Can industry and policy adapt?
Despite their concerns, researchers are optimistic that a solution is within reach. Solomon points out that the chemical industry has a long history of innovation and adaptation.
“There are a lot of innovators in the chemical industry,” Solomon says. “They make a living creating new chemicals and refining chemicals. Sure, they might get too hung up on a particular chemical, but that doesn’t happen often. In fact, they’re usually very active in considering alternatives.
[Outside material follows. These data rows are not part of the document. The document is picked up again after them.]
(* Let $\mathcal T\subseteq\mathbb N$ be a symmetric numerical semigroup with minimal system of generators $a_1<\dots<a_n$. If $2\notin\mathcal T$, then $a_n<F(\mathcal T)$.
   Context: A numerical semigroup is a submonoid $\mathcal T\subseteq\mathbb N$ with finite complement; its Frobenius number is $F(\mathcal T)=\max(\mathbb N\setminus\mathcal T)$; $\mathcal T$ is symmetric if for every $b\in\mathbb N$, $b\in\mathcal T$ or $F(\mathcal T)-b\in\mathcal T$. The minimal system of generators is the unique minimal generating set of $\mathcal T$ as a monoid. *)

From mathcomp Require Import all_boot.
Set Implicit Arguments. Unset Strict Implicit. Unset Printing Implicit Defensive.

Definition numerical_semigroup (T : nat -> Prop) : Prop :=
  [/\ T 0, (forall x y, T x -> T y -> T (x + y)) &
      exists N, forall n, N <= n -> T n].

Definition is_frobenius (T : nat -> Prop) (f : nat) : Prop :=
  ~ T f /\ (forall n, ~ T n -> n <= f).

Definition symmetric_wrt (T : nat -> Prop) (f : nat) : Prop :=
  forall b, T b \/ (b <= f /\ T (f - b)).

Inductive generated (G : seq nat) : nat -> Prop :=
  | gen0 : generated G 0
  | genS : forall g x, g \in G -> generated G x -> generated G (g + x).

Definition generates (G : seq nat) (T : nat -> Prop) : Prop :=
  forall x, generated G x <-> T x.

Definition minimal_generators (T : nat -> Prop) (G : seq nat) : Prop :=
  [/\ sorted ltn G, generates G T &
      forall g, g \in G -> ~ generates (rem g G) T].

(* Suppose the largest minimal generator a exceeds F and put d = a - F.  A
   minimal generator is not a sum of two positive elements of T, so for every
   s in T with 0 < s < a symmetry applied to a - s yields s - d in T.  Hence d
   divides every element of T below a.  Since 1, 2 are gaps, symmetry puts
   F - 1 and F - 2 in T, so d = 1; then T contains every number below F - 1,
   in particular 1, a contradiction. *)
From mathcomp Require Import all_boot.
From mathcomp Require Import zify.

Set Implicit Arguments.
Unset Strict Implicit.
Unset Printing Implicit Defensive.

Lemma generatedD G x y : generated G x -> generated G y -> generated G (x + y).
Proof.
elim=> [|g x' gG _ IH] Gy //.
by rewrite -addnA; apply: genS => //; apply: IH.
Qed.

Lemma generated_sub G H x : {subset G <= H} -> generated G x -> generated H x.
Proof.
move=> sGH; elim=> [|g x' gG _ IH]; first exact: gen0.
by apply: genS => //; apply: sGH.
Qed.

Lemma generated_rem G g x : generated G x -> x < g -> generated (rem g G) x.
Proof.
elim=> [|h x' hG _ IH] lt_x_g; first exact: gen0.
apply: genS; last by apply: IH; lia.
by apply: rem_mem => //; apply/eqP => ehg; lia.
Qed.

Lemma generates_last G T : generates G T -> T (last 0 G).
Proof.
move=> GT; apply/GT; case: G GT => [|g0 G] _; first exact: gen0.
by rewrite -[last _ _]addn0; apply: genS; [apply: mem_last | apply: gen0].
Qed.

Lemma minimal_generator_indecomposable T G g s t :
  generates G T -> ~ generates (rem g G) T -> g \in G ->
  T s -> T t -> 0 < s -> 0 < t -> s + t != g.
Proof.
move=> GT not_remGT gG Ts Tt s_gt0 t_gt0; apply/eqP => def_g.
apply: not_remGT => x; split.
  by move=> remGx; apply/GT; apply: generated_sub remGx => y; apply: mem_rem.
move/GT; elim=> [|h y hG _ IH]; first exact: gen0.
have [-> | neq_hg] := eqVneq h g; last by apply: genS => //; apply: rem_mem.
have generated_lt_g z : T z -> z < g -> generated (rem g G) z.
  by move=> Tz lt_z_g; apply: generated_rem => //; apply/GT.
rewrite -[in X in generated _ X]def_g -addnA.
by apply: generatedD; [|apply: generatedD] => //; apply: generated_lt_g => //; lia.
Qed.

Section SymmetricBelowIndecomposable.

Variables (T : nat -> Prop) (F a : nat).
Hypotheses (symT : symmetric_wrt T F) (lt_F_a : F < a).
Hypothesis indecomposable_a :
  forall s t, T s -> T t -> 0 < s -> 0 < t -> s + t != a.

Lemma symmetric_sub_gap s :
  T s -> 0 < s -> s < a -> a - F <= s /\ T (s - (a - F)).
Proof.
move=> Ts s_gt0 lt_s_a.
have [Tas | [le_as_F TFas]] := symT (a - s).
  by have /eqP := indecomposable_a Ts Tas s_gt0 ltac:(lia); lia.
by split; [lia | have -> : s - (a - F) = F - (a - s) by lia].
Qed.

Lemma dvdn_gap_below s : T s -> s < a -> a - F %| s.
Proof.
elim/ltn_ind: s => s IH Ts lt_s_a.
have [-> // | s_gt0] := posnP s.
have [le_d_s Tsd] := symmetric_sub_gap Ts s_gt0 lt_s_a.
by rewrite -(dvdn_subl le_d_s (dvdnn _)) IH //; lia.
Qed.

Lemma gap_eq1 : ~ T 1 -> ~ T 2 -> a - F = 1.
Proof.
move=> notT1 notT2.
have [le2F TF2] : 2 <= F /\ T (F - 2) by case: (symT 2).
have [_ TF1] : 1 <= F /\ T (F - 1) by case: (symT 1).
have : a - F %| (F - 1) - (F - 2) by apply: dvdn_sub; apply: dvdn_gap_below => //; lia.
have -> : (F - 1) - (F - 2) = 1 by lia.
by rewrite dvdn1 => /eqP.
Qed.

Lemma gap_eq1_mem_le s t : a - F = 1 -> T s -> s < a -> t <= s -> T t.
Proof.
move=> d1; elim/ltn_ind: s => s IH Ts lt_s_a le_t_s.
have [-> // | lt_t_s] := eqVneq t s.
have [_] := symmetric_sub_gap Ts ltac:(lia) lt_s_a.
by rewrite d1 => Ts1; apply: (IH (s - 1)) => //; lia.
Qed.

Lemma symmetric_gaps12F : ~ T 1 -> ~ T 2 -> False.
Proof.
move=> notT1 notT2; have [le2F _] : 2 <= F /\ T (F - 2) by case: (symT 2).
have [_ TF1] : 1 <= F /\ T (F - 1) by case: (symT 1).
have d1 := gap_eq1 notT1 notT2.
by apply: notT1; apply: (gap_eq1_mem_le d1 TF1); lia.
Qed.

End SymmetricBelowIndecomposable.

Theorem mainTheorem13 (T : nat -> Prop) (F : nat) (G : seq nat) :
  numerical_semigroup T ->
  is_frobenius T F ->
  symmetric_wrt T F ->
  minimal_generators T G ->
  ~ T 2 ->
  last 0 G < F.
Proof.
move=> [T0 TD _] [notTF _] symT [_ GT minG] notT2.
have notT1 : ~ T 1 by move=> T1; apply: notT2; apply: (TD 1 1).
have Ta := generates_last GT.
rewrite ltnNge leq_eqVlt negb_or; apply/andP; split.
  by apply/eqP => eFa; apply: notTF; rewrite eFa.
apply/negP => lt_F_a.
case: G GT minG Ta lt_F_a => [// | g0 G] GT minG Ta lt_F_a.
have aG := mem_last g0 G.
apply: (symmetric_gaps12F symT lt_F_a) notT1 notT2 => s t Ts Tt s_gt0 t_gt0.
exact: minimal_generator_indecomposable GT (minG _ aG) aG Ts Tt s_gt0 t_gt0.
Qed.
Lemma iter_g0_increasing z k :
  s <= z -> (forall i, (i < k)%nat -> Nat.iter i g0 z < t) ->
  forall i, (i <= k)%nat -> Nat.iter i g0 z <= Nat.iter k g0 z.
Proof.
  intros Hz. induction k as [|k IH]; intros Hk i Hi; [replace i with 0%nat by lia; lra|].
  assert (Hle : Nat.iter k g0 z <= Nat.iter (S k) g0 z).
  { destruct (iter_g0_range z k Hz) as [Hzk _]; [intros j Hj; apply Hk; lia|].
    rewrite Nat.iter_succ. pose proof (g0_lower (Nat.iter k g0 z)).
    assert (Nat.iter k g0 z < t) by (apply Hk; lia). lra. }
  destruct (Nat.eq_dec i (S k)) as [->|Hne]; [lra|].
  pose proof (IH (fun j Hj => Hk j ltac:(lia)) i ltac:(lia)). lra.
Qed.

Lemma iter_g0_mono y z k :
  s <= y <= z -> (forall i, (i < k)%nat -> Nat.iter i g0 z <= t) ->
  Nat.iter k g0 y <= Nat.iter k g0 z /\ Nat.iter k g0 z - Nat.iter k g0 y <= z - y /\
  s <= Nat.iter k g0 y.
Proof.
  intros Hyz Hk. induction k as [|k IH]; [simpl; lra|].
  destruct IH as (H1 & H2 & H3); [intros i Hi; apply Hk; lia|].
  assert (Hkt : Nat.iter k g0 z <= t) by (apply Hk; lia).
  rewrite !Nat.iter_succ.
  destruct (increasing_contraction_le g0 s t (Nat.iter k g0 y) (Nat.iter k g0 z) Hg0); try lra.
  pose proof (g0_lower (Nat.iter k g0 y)). lra.
Qed.

Lemma iter_g1_range y k :
  y <= u -> (forall i, (i < k)%nat -> t <= Nat.iter i g1 y) ->
  Nat.iter k g1 y <= y /\ ((0 < k)%nat -> s <= Nat.iter k g1 y).
Proof.
  intros Hy Hk. induction k as [|k IH]; [simpl; split; [lra | lia]|].
  destruct IH as [IH _]; [intros i Hi; apply Hk; lia|].
  assert (Hge : t <= Nat.iter k g1 y) by (apply Hk; lia).
  rewrite Nat.iter_succ. pose proof (g1_lower (Nat.iter k g1 y)).
  pose proof (g1_upper (Nat.iter k g1 y)). split; [lra | intros _; lra].
Qed.

Lemma iter_g1_mono y z k :
  y <= z <= u -> (forall i, (i < k)%nat -> t <= Nat.iter i g1 y) ->
  Nat.iter k g1 y <= Nat.iter k g1 z <= u.
Proof.
  intros Hyz Hk. induction k as [|k IH]; [simpl; lra|].
  destruct IH as [H1 H2]; [intros i Hi; apply Hk; lia|].
  assert (Hky : t <= Nat.iter k g1 y) by (apply Hk; lia).
  rewrite !Nat.iter_succ.
  destruct (increasing_contraction_le g1 t u (Nat.iter k g1 y) (Nat.iter k g1 z) Hg1); try lra.
  pose proof (g1_upper (Nat.iter k g1 z)). lra.
Qed.

Lemma s_lt_g1u : s < g1 u.
Proof. destruct (Hg1 t u); lra. Qed.

Lemma g1u_sub_s : g1 u - s < u - t.
Proof. destruct (Hg1 t u); lra. Qed.

Section LCase.

Hypothesis HL : g1 u <= t.

(* [Nat.iter p g0 z] is where the orbit of [z] in [[s, g1 u)] leaves the left branch (possibly
   after one more step of [g0]). *)
Lemma L_return_data : exists p, (1 <= p)%nat /\
  (forall z, s <= z < g1 u -> forall j, (j < p)%nat -> Nat.iter j g0 z < t) /\
  (forall z, s <= z < g1 u -> Nat.iter p g0 z < t -> t <= Nat.iter (S p) g0 z) /\
  ((Nat.iter p g0 s < t /\ forall z, s <= z <= g1 u -> forall j, (j < p)%nat -> Nat.iter j g0 z < t)
   \/ forall z, s <= z < g1 u -> t <= Nat.iter p g0 z).
Proof.
  pose proof s_lt_g1u. pose proof g1u_sub_s.
  destruct (least_witness (fun n => t <= Nat.iter n g0 s)) as (q & Hq & Hmin).
  { destruct (escape_up g0 s t (u - t)) as [n Hn]; [lra | apply g0_lower | exists n; lra]. }
  assert (Hbelow : forall j, (j < q)%nat -> Nat.iter j g0 s < t).
  { intros j Hj. apply Rnot_le_lt. intros Hle. specialize (Hmin j Hle). lia. }
  destruct q as [|[|r]]; [simpl in Hq; lra | |].
  - assert (Hright : forall z, s <= z <= g1 u -> t <= g0 z).
    { intros z Hz. destruct (increasing_contraction_le g0 s t s z Hg0); simpl in Hq; lra. }
    exists 1%nat. split; [lia|]. split; [|split; [|right]].
    + intros z Hz j Hj. replace j with 0%nat by lia. simpl. lra.
    + intros z Hz Hlt. simpl in Hlt. pose proof (Hright z). lra.
    + intros z Hz. apply Hright. lra.
  - (* The iterates of [z] stay within [u - t] of those of [s], which leave [[s, t)] in steps
       of at least [u - t]. *)
    assert (Key : forall z, s <= z <= g1 u -> forall j, (j <= r)%nat -> Nat.iter j g0 z < t).
    { intros z Hz j. induction j as [j IH] using (well_founded_induction lt_wf). intros Hj.
      destruct (iter_g0_mono s z j) as (_ & Hdiff & _); [lra | intros i Hi; left; apply IH; lia|].
      pose proof (iter_g0_increasing s r (Rle_refl s)
                    (fun i Hi => Hbelow i ltac:(lia)) j Hj) as Hsr.
      pose proof (Hbelow (S r) ltac:(lia)) as Hnext. rewrite Nat.iter_succ in Hnext.
      destruct (iter_g0_range s r (Rle_refl s) (fun i Hi => Hbelow i ltac:(lia))) as [Hsr' _].
      pose proof (g0_lower (Nat.iter r g0 s)). pose proof (Hbelow r ltac:(lia)). lra. }
    exists (S r). split; [lia|]. split; [|split; [|left]].
    + intros z Hz j Hj. apply Key; lra || lia.
    + intros z Hz Hlt.
      destruct (iter_g0_mono s z (S (S r))) as (Hmono & _); [lra| |lra].
      intros i Hi. destruct (Nat.eq_dec i (S r)) as [->|Hne]; [lra|]. left. apply Key; lra || lia.
    + split; [apply Hbelow; lia|]. intros z Hz j Hj. apply Key; lra || lia.
Qed.

Definition L_induced0 (p : nat) (z : R) : R := g1 (g0 (Nat.iter p g0 z)).
Definition L_induced1 (p : nat) (z : R) : R := g1 (Nat.iter p g0 z).

Section LBlock.

Variable p : nat.
Hypothesis Hp : (1 <= p)%nat.
Hypothesis HL1 : forall z, s <= z < g1 u -> forall j, (j < p)%nat -> Nat.iter j g0 z < t.
Hypothesis HL2 : forall z, s <= z < g1 u -> Nat.iter p g0 z < t -> t <= Nat.iter (S p) g0 z.

Lemma L_block z : s <= z < g1 u ->
  let b := letter t (Nat.iter p g0 z) in
  let z' := switch_orbit g0 g1 t z (length (blockL p b)) in
  (forall i, (i < length (blockL p b))%nat ->
     letter t (switch_orbit g0 g1 t z i) = nth i (blockL p b) false) /\
  z' = phik (L_induced0 p) (L_induced1 p) b z /\ s <= z' < g1 u.
Proof.
  intros Hz b z'. set (k := if b then p else S p).
  assert (Hblock : blockL p b = repeat false k ++ [true]) by (unfold k; now destruct b).
  assert (Hk : forall i, (i < k)%nat -> Nat.iter i g0 z < t).
  { intros i Hi. destruct (Nat.eq_dec i p) as [->|Hne].
    - unfold k, b, letter in *. destruct Rle_dec; [lia | lra].
    - apply HL1; [lra | unfold k in Hi; destruct b; lia]. }
  assert (Htk : t <= Nat.iter k g0 z).
  { unfold k, b, letter. destruct Rle_dec; [assumption | apply HL2; lra]. }
  assert (Hland : Nat.iter k g0 z < u).
  { apply (iter_g0_range z k); [lra | exact Hk | unfold k; destruct b; lia]. }
  destruct (block_zeros_one g0 g1 t z k Hk Htk) as [Hletters Hend].
  unfold z'. rewrite Hblock, length_app, repeat_length, Nat.add_1_r, Hend. split; [exact Hletters|].
  split.
  - unfold k, L_induced0, L_induced1. destruct b; [reflexivity | now rewrite Nat.iter_succ].
  - pose proof (g1_lower (Nat.iter k g0 z)). pose proof (g1_upper_strict (Nat.iter k g0 z)). lra.
Qed.

End LBlock.

Section LInduced.

Variable p : nat.
Hypothesis Hp : (1 <= p)%nat.
Hypothesis HL1_closed :
  forall z, s <= z <= g1 u -> forall j, (j < p)%nat -> Nat.iter j g0 z < t.

Lemma L_iter_contraction : increasing_contraction (Nat.iter p g0) s (g1 u).
Proof.
  pose proof s_lt_g1u.
  destruct p as [|r]; [lia|].
  intros y z Hy Hyz Hz. rewrite !Nat.iter_succ_r.
  apply (increasing_contraction_iter g0 g0 s (g1 u) s t r); [| exact Hg0 | | lra | lra | lra].
  - apply (increasing_contraction_sub g0 s t); [exact Hg0 | lra | lra].
  - intros j x Hj Hx. rewrite <- Nat.iter_succ_r.
    assert (Hlt : Nat.iter (S j) g0 x < t) by (apply HL1_closed; lra || lia).
    destruct (iter_g0_range x (S j)); [lra | intros i Hi; apply HL1_closed; lra || lia | lra].
Qed.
Why not switch when there are thousands of other chemicals that could be used instead? That was the attitude.”
She also points out that the ability of monitoring networks like AGAGE to detect these emissions highlights how much progress has already been made in reducing other sources of ozone damage.
“This is not the first time that the AGAGE network has made measurements that have made the world realize that we need to do a little bit better here and there,” Western says. “Oftentimes it’s just a mistake. Sometimes strengthening some processes just requires making people more aware of these things.”
A global effort to close the gap
Countries participating in the Montreal Protocol meet annually to consider new issues. Feedstock emissions have already been discussed, and future meetings are likely to focus on how to reduce or eliminate these leaks.
“We wanted to send a warning that something was wrong here,” Lyman said. “We can reduce the period of ozone depletion by many years. That may not sound like a long time, but if you can count the number of skin cancers avoided in that time, it would seem very significant.”
This research was supported in part by the National Science Foundation, NASA, the Swiss Federal Environment Agency, the VoLo Foundation, the UK Natural Environment Research Council, and the Korea Meteorological Agency Research and Development Program.